From: Michael S. Lorrey (mike@datamann.com)
Date: Fri May 12 2000 - 08:38:42 MDT
"Michael S. Lorrey" wrote:
> Zero Powers wrote:
> >
> > Sounds like Mike Lorrey is going to need a *much* bigger gun :)
>
> Oh, an F-16 is pretty easy to hit at 3000 feet, thats only 1000 yards. I
> already have a rifle that could hit that target. What I need is a bigger
> warhead...
Besides, all I really need is some good jamming equipment, and maybe a laser
dazzler.
However, given knowledge of speed and altitude, its not hard to hit an aircraft
given practice, with a firearm. When I was in the Air Force, repairing bullet
damage from cattle ranchers in the western US was one of the big sheetmetal jobs
that the airframe troops had to deal with.

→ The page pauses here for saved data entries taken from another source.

Variables (fy fN : nat -> nat -> option nat).
Hypothesis Hbase : forall x y, fN 0 x = Some y <-> ev (tot (chi Y)) cbase [x] y.
Hypothesis Hstep : forall k x y, fN (S k) x = Some y <-> ev (join (fy 1) (fN k)) cstep [x] y.
Hypothesis Hfuns :
  forall j x y, j <> 0 -> fy j x = Some y <-> ev (tot (chi Y)) (nth j cfuns cZero) [x] y.

Definition context (j k : nat) : nat -> option nat :=
  if j =? 0 then tot (chi Y) else join (fy j) (fN k).

Lemma query_spec j k x : j <> 0 ->
  exists j' k' c', rank j' k' < rank j k /\
    (forall y, query j k x y = Judg j' k' (enc c') [Nat.div2 x] y) /\
    (forall y, context j k x = Some y <-> ev (context j' k') c' [Nat.div2 x] y).
Proof.
  intros Hj. unfold query, context, rank, join. rewrite (proj2 (Nat.eqb_neq _ _) Hj).
  destruct (Nat.even x); [|destruct k as [|k]].
  - exists 0, 0, (nth j cfuns cZero). repeat split; [cbn; lia | apply Hfuns, Hj | apply Hfuns, Hj].
  - exists 0, 0, cbase. repeat split; [cbn; lia | apply Hbase | apply Hbase].
  - exists 1, k, cstep. repeat split; [cbn; lia | apply Hstep | apply Hstep].
Qed.

Lemma evs_of_nth o gs a bs :
  length bs = length (code_list gs) ->
  (forall i, i < length bs -> ev o (nth i (code_list gs) cZero) a (nth i bs 0)) ->
  evs o gs a bs.
Proof.
  revert bs. induction gs as [|g gs IH]; intros [|b bs] Hl H; simpl in *; try discriminate;
    constructor.
  - apply (H 0). lia.
  - apply IH; [lia|]. intros i Hi. apply (H (S i)). lia.
Qed.

Lemma derivation_sound L : derivation L ->
  forall j k c a y, In (Judg j k (enc c) a y) L -> ev (context j k) c a y.
Proof.
  intros HL j k. remember (rank j k) as r eqn:Hr. revert j k Hr.
  induction r as [r IHr] using (well_founded_induction lt_wf). intros j k Hr.
  assert (Hjust : forall c a y, In (Judg j k (enc c) a y) L -> justified_code L j k a y c)
    by (intros c a y Hin; apply justified_enc, HL, Hin).
  enough (H : (forall c a y, In (Judg j k (enc c) a y) L -> ev (context j k) c a y) /\
              (forall gs g, In g (code_list gs) ->
                 forall a y, In (Judg j k (enc g) a y) L -> ev (context j k) g a y)) by apply H.
  apply code_codes_ind.
  1-3: intros * Hin; apply Hjust in Hin; cbn in Hin; subst; constructor.
  - intros a y Hin%Hjust. cbn in Hin. constructor.
    destruct (Nat.eqb_spec j 0) as [->|Hj].
    + subst. reflexivity.
    + destruct (query_spec j k (hd 0 a) Hj) as [j' [k' [c' [Hrk [Hq Hctx]]]]].
      rewrite Hq in Hin. apply Hctx. eapply IHr; [subst r; exact Hrk | reflexivity | exact Hin].
  - intros f IHf gs IHgs a y Hin%Hjust. destruct Hin as [bs [Hl [Hf Hgs]]].
    apply evComp with (bs := bs); [|auto].
    apply evs_of_nth; [exact Hl|]. intros i Hi. rewrite Hl in Hi.
    apply IHgs; [apply nth_In; exact Hi | apply Hgs, Hi].
  - intros f IHf g IHg [|n a] y Hin; [apply Hjust in Hin; contradiction|].
    revert y Hin. induction n as [|n IHn]; intros y Hin%Hjust; cbn in Hin.
    + constructor. auto.
    + destruct Hin as [z [Hz Hy]]. econstructor; eauto.
  - intros f IHf a y Hin%Hjust. destruct Hin as [Hy Hpos]. constructor; [auto|].
    intros m Hm. destruct (Hpos m Hm) as [z Hz]. eauto.
  - intros g [].
  - intros g IHg gs IHgs g' [<-|Hin]; auto.
Qed.

Lemma derivable_oracle j k a y :
  (forall j' k', rank j' k' < rank j k ->
     forall c a' y', ev (context j' k') c a' y' -> derivable j' k' c a' y') ->
  ev (context j k) cOrac a y -> derivable j k cOrac a y.
Proof.
  intros IH He. inversion He as [| | | ? ? Ho | | | |]; subst.
  destruct (Nat.eqb_spec j 0) as [->|Hj].
  - apply (derivable_extend [] []); [apply derivation_nil | apply derivation_nil |].
    cbn. unfold context, tot in Ho. simpl in Ho. congruence.
  - destruct (query_spec j k (hd 0 a) Hj) as [j' [k' [c' [Hrk [Hq Hctx]]]]].
    apply Hctx in Ho. destruct (IH j' k' Hrk _ _ _ Ho) as [L [HL Hin]].
    apply (derivable_extend L []); [exact HL | apply derivation_nil |].
    cbn. rewrite (proj2 (Nat.eqb_neq _ _) Hj), Hq. right. rewrite app_nil_r. exact Hin.
Qed.

Lemma derivation_complete j k c a y : ev (context j k) c a y -> derivable j k c a y.
Proof.
  remember (rank j k) as r eqn:Hr. revert j k Hr c a y.
  induction r as [r IHr] using (well_founded_induction lt_wf). intros j k Hr.
  enough (H : (forall c a y, ev (context j k) c a y -> derivable j k c a y) /\
              (forall gs a bs, evs (context j k) gs a bs ->
                 exists L, derivation L /\ length bs = length (code_list gs) /\
                   forall i, i < length bs ->
                     In (Judg j k (enc (nth i (code_list gs) cZero)) a (nth i bs 0)) L))
    by apply H.
  apply code_codes_ind.
  1-3: intros * He; inversion He; subst;
    apply (derivable_extend [] []); [apply derivation_nil | apply derivation_nil | reflexivity].
  - intros a y. apply derivable_oracle. intros j' k' Hlt. subst r. exact (IHr _ Hlt j' k' eq_refl).
  - intros f IHf gs IHgs a y He. inversion He as [| | | |? ? ? bs ? Hgs Hf| | |]; subst.
    destruct (IHgs _ _ Hgs) as [L1 [HL1 [Hl Hin1]]], (IHf _ _ Hf) as [L2 [HL2 Hin2]].
    apply (derivable_extend L1 L2); [exact HL1 | exact HL2|].
    exists bs. repeat split; [exact Hl | right; apply in_or_app; auto |].
    intros i Hi. right. apply in_or_app. left. apply Hin1. lia.
  - intros f IHf g IHg a y He. remember (cPrec f g) as c eqn:Ec. revert Ec.
    induction He; intros Ec; try discriminate; injection Ec as <- <-.
    + destruct (IHf _ _ He) as [L [HL Hin]].
      apply (derivable_extend L []); [exact HL | apply derivation_nil |].
      cbn. right. rewrite app_nil_r. exact Hin.
    + destruct (IHHe1 eq_refl) as [L1 [HL1 Hin1]], (IHg _ _ He2) as [L2 [HL2 Hin2]].
      apply (derivable_extend L1 L2); [exact HL1 | exact HL2|].
      exists z. split; right; apply in_or_app; auto.
  - intros f IHf a y He. inversion He as [| | | | | | |? ? ? Hy Hpos]; subst.
    destruct (IHf _ _ Hy) as [L0 [HL0 Hin0]].
    destruct (derivation_below (fun m z => Judg j k (enc f) (m :: a) (S z)) y) as [L1 [HL1 Hin1]].
    { intros m Hm. destruct (Hpos m Hm) as [z Hz]. exists z. apply IHf, Hz. }
    apply (derivable_extend L0 L1); [exact HL0 | exact HL1|].
    split; [right; apply in_or_app; auto|].
    intros m Hm. destruct (Hin1 m Hm) as [z Hz]. exists z. right. apply in_or_app. auto.
  - intros a bs He. inversion He; subst. exists []. split; [apply derivation_nil|].
    split; [reflexivity | intros i Hi; simpl in Hi; lia].
  - intros g IHg gs IHgs a bs He. inversion He as [|? ? ? ? ? Hg Hgs]; subst.
    destruct (IHg _ _ Hg) as [L1 [HL1 Hin1]], (IHgs _ _ Hgs) as [L2 [HL2 [Hl Hin2]]].
    exists (L1 ++ L2). split; [apply derivation_app; auto|].
    split; [simpl; lia|]. intros [|i] Hi; simpl; apply in_or_app; [left; exact Hin1|].
    right. apply Hin2. simpl in Hi. lia.
Qed.

Lemma ev_iff_derivable j k c a y : ev (context j k) c a y <-> derivable j k c a y.
Proof.
  split; [apply derivation_complete | intros [L [HL Hin]]; exact (derivation_sound L HL _ _ _ _ _ Hin)].
Qed.

End Derivations.

(** * Checking derivations by an expression *)

Definition jenc (J : judgment) : nat :=
  let '(Judg j k e a y) := J in npair j (npair k (npair e (npair (lcode a) y))).

Definition Lcode (L : list judgment) : nat := lcode (map jenc L).

Lemma jenc_inj J J' : jenc J = jenc J' -> J = J'.
Proof.
  destruct J as [j k e a y], J' as [j' k' e' a' y']. cbn [jenc].
  intros [-> [-> [-> [Ha%lcode_inj ->]%npair_inj]%npair_inj]%npair_inj]%npair_inj. congruence.
Qed.

Lemma jenc_surj z : exists J, jenc J = z.
Proof.
  destruct (lcode_surj (unpair1 (unpair2 (unpair2 (unpair2 z))))) as [a Ha].
  exists (Judg (unpair1 z) (unpair1 (unpair2 z)) (unpair1 (unpair2 (unpair2 z))) a
            (unpair2 (unpair2 (unpair2 (unpair2 z))))).
  cbn [jenc]. rewrite Ha, !npair_unpair. reflexivity.
Qed.
(* Let $(W,S)$ be a dihedral Coxeter system, i.e. $|S|=2$. For reflections $t,t'\in T$, we have $\ell(t')<\ell(t)$ if and only if $t'\sqsubseteq t$ and $t'\neq t$.
   Context: $(W,S)$ is a Coxeter system with length function $\ell$, reflections $T=\{wsw^{-1}:w\in W,\ s\in S\}$ and Bruhat order $\leqslant$. The Bruhat graph $\Omega_{W,S}$ has vertex set $W$ and an arrow $u\to v$ iff $uv^{-1}\in T$ and $u<v$; $\Omega_{W,S}(Y)$ is its induced subgraph on $Y$. A reflection subgroup $W'$ (a subgroup generated by reflections) has canonical Coxeter generators $S'=\{t\in T:N(t)\cap W'=\{t\}\}$, where $N(v)=\{t\in T:\ell(tv)<\ell(v)\}$; it is dihedral if $|S'|=2$. $t\sqsubseteq' t'$ iff $t=t'$ or there is a dihedral reflection subgroup $W'\ni t,t'$ such that the directed distance from $t$ to $t'$ in $\Omega_{W,S}(W')$ is finite; $\sqsubseteq$ is the transitive closure of $\sqsubseteq'$. *)

From Stdlib Require Import List Arith Relations ClassicalEpsilon.
Import ListNotations.
Set Implicit Arguments.

Record group := Group {
  gcar :> Type;
  gmul : gcar -> gcar -> gcar;
  gone : gcar;
  ginv : gcar -> gcar;
  gmulA : forall x y z, gmul x (gmul y z) = gmul (gmul x y) z;
  gmul1l : forall x, gmul gone x = x;
  gmulVl : forall x, gmul (ginv x) x = gone
}.
(* Let $H$ be a connected pointed block graph, let $Q$ be a near-leaf block of $H$, and let $v$ be the anchor of $Q$ if it exists and otherwise any cut-vertex of $Q$. Let $x\neq v$ be a cut-vertex of $Q$ and let $L$ be a leaf block of $H$ that is a neighbour of $Q$ and contains $x$. Then every maximal co-interval subgraph $K$ of $H$ with $E(L)\subseteq E(K)$ satisfies $E(K)=E(Q_{x,y})$ for some $y\in V(Q)$.
   Context: All graphs are finite and simple. A block is a maximal connected subgraph with no cut-vertex of its own; a block graph is one whose blocks are all complete. A cut-vertex is a vertex whose removal increases the number of connected components. A block is a leaf block if it contains exactly one cut-vertex, an internal block if it contains at least two, and an edge block if it has exactly two vertices; two distinct blocks are neighbours if they share a vertex. A graph is pointed if all its leaf blocks are edge blocks. An internal block $Q$ is a near-leaf block if either all neighbours of $Q$ are leaf blocks, or all internal block neighbours of $Q$ share with $Q$ one and the same cut-vertex, called the anchor of $Q$. For a clique $Q$ and $x,y\in V(Q)$, the big ant is $Q_{x,y}=\big(V(Q)\cup N_H(x)\cup N_H(y),\ E(Q)\cup\delta_H(x)\cup\delta_H(y)\big)$. A graph is co-interval if its vertices can be assigned closed real intervals such that two vertices are adjacent iff their intervals are disjoint. A co-interval subgraph $K$ of $H$ is maximal if no co-interval subgraph $K'$ of $H$ has $E(K)\subsetneq E(K')$. *)

From Stdlib Require Import Reals.
From mathcomp Require Import all_boot.
Set Implicit Arguments. Unset Strict Implicit. Unset Printing Implicit Defensive.

Section Graphs.
Variable T : finType.

(* A graph/subgraph is a pair (vertex set, edge set); edges are 2-element sets. *)
Definition sgraph := ({set T} * {set {set T}})%type.

Definition EH (e : rel T) : {set {set T}} :=
  [set f : {set T} | [exists x, exists y, e x y && (f == [set x; y])]].

Definition is_subgraph (e : rel T) (G : sgraph) : bool :=
  (G.2 \subset EH e) && [forall f in G.2, f \subset G.1].

Definition adjF (F : {set {set T}}) : rel T :=
  [rel x y | (x != y) && ([set x; y] \in F)].

Definition conn (S : {set T}) (F : {set {set T}}) : rel T :=
  connect [rel x y | [&& x \in S, y \in S & adjF F x y]].

Definition ncomp (S : {set T}) (F : {set {set T}}) : nat :=
  #|[set [set y in S | conn S F x y] | x in S]|.

Definition gconnected (G : sgraph) : bool := ncomp G.1 G.2 == 1.

Definition is_cut (G : sgraph) (v : T) : bool :=
  (v \in G.1) && (ncomp G.1 G.2 < ncomp (G.1 :\ v) G.2).

Definition no_cut (G : sgraph) : bool := [forall v, ~~ is_cut G v].

Definition sub_le (G G' : sgraph) : bool := (G.1 \subset G'.1) && (G.2 \subset G'.2).

Definition Hgraph (e : rel T) : sgraph := ([set: T], EH e).

Definition cutH (e : rel T) (v : T) : bool := is_cut (Hgraph e) v.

FOr example: An F-16 is, as I recall, 47 feet long, or .0089 miles long. At 550
mph, it is traveling 806.6667 feet per second. A 150 grain bullet fired from my
bolt action .300 Win Mag Savage 110 Tactical rifle travels at about 3000 feet
per second. Assuming that it is a crossing shot, rather than a head on or tail
on shot (which are much easier), and assuming I want to hit the F-16 when it is
at a point tangential to me (i.e. the closest point in its path), I need to aim
roughly 16 plane lengths ahead of the craft, or else drift my sighting system so
the point of aim is that many plane lengths behind the point of fire. Getting it
precisely would require some more figuring, but all such results can be
tabletized, and were so by the NVA during Vietnam. There were a good number of
aircraft shot down by small arms fire.
Now, using leading techniques is not widely used with rifles, that is usually
used by shotgunners, but there have been some people who have taken the time and
are quite skilled at shooting flying objects with rifles. I recall that the
original Army test for the Browning Automatic Rifle (the BAR) back when involved
John Moses Browning hiring one man who was an exceptional sharpshooter. This
gentleman shot something like 75,000 1 inch blocks of wood out of the air
(typically thrown 50-100 feet in the air) straight over a period of several days
with that BAR (which is a really heavy gun with a serious kick to it). I think
he might have had something like a dozen misses or less in the entire string of
shots. The shooter claimed that he could teach anybody to shoot like that.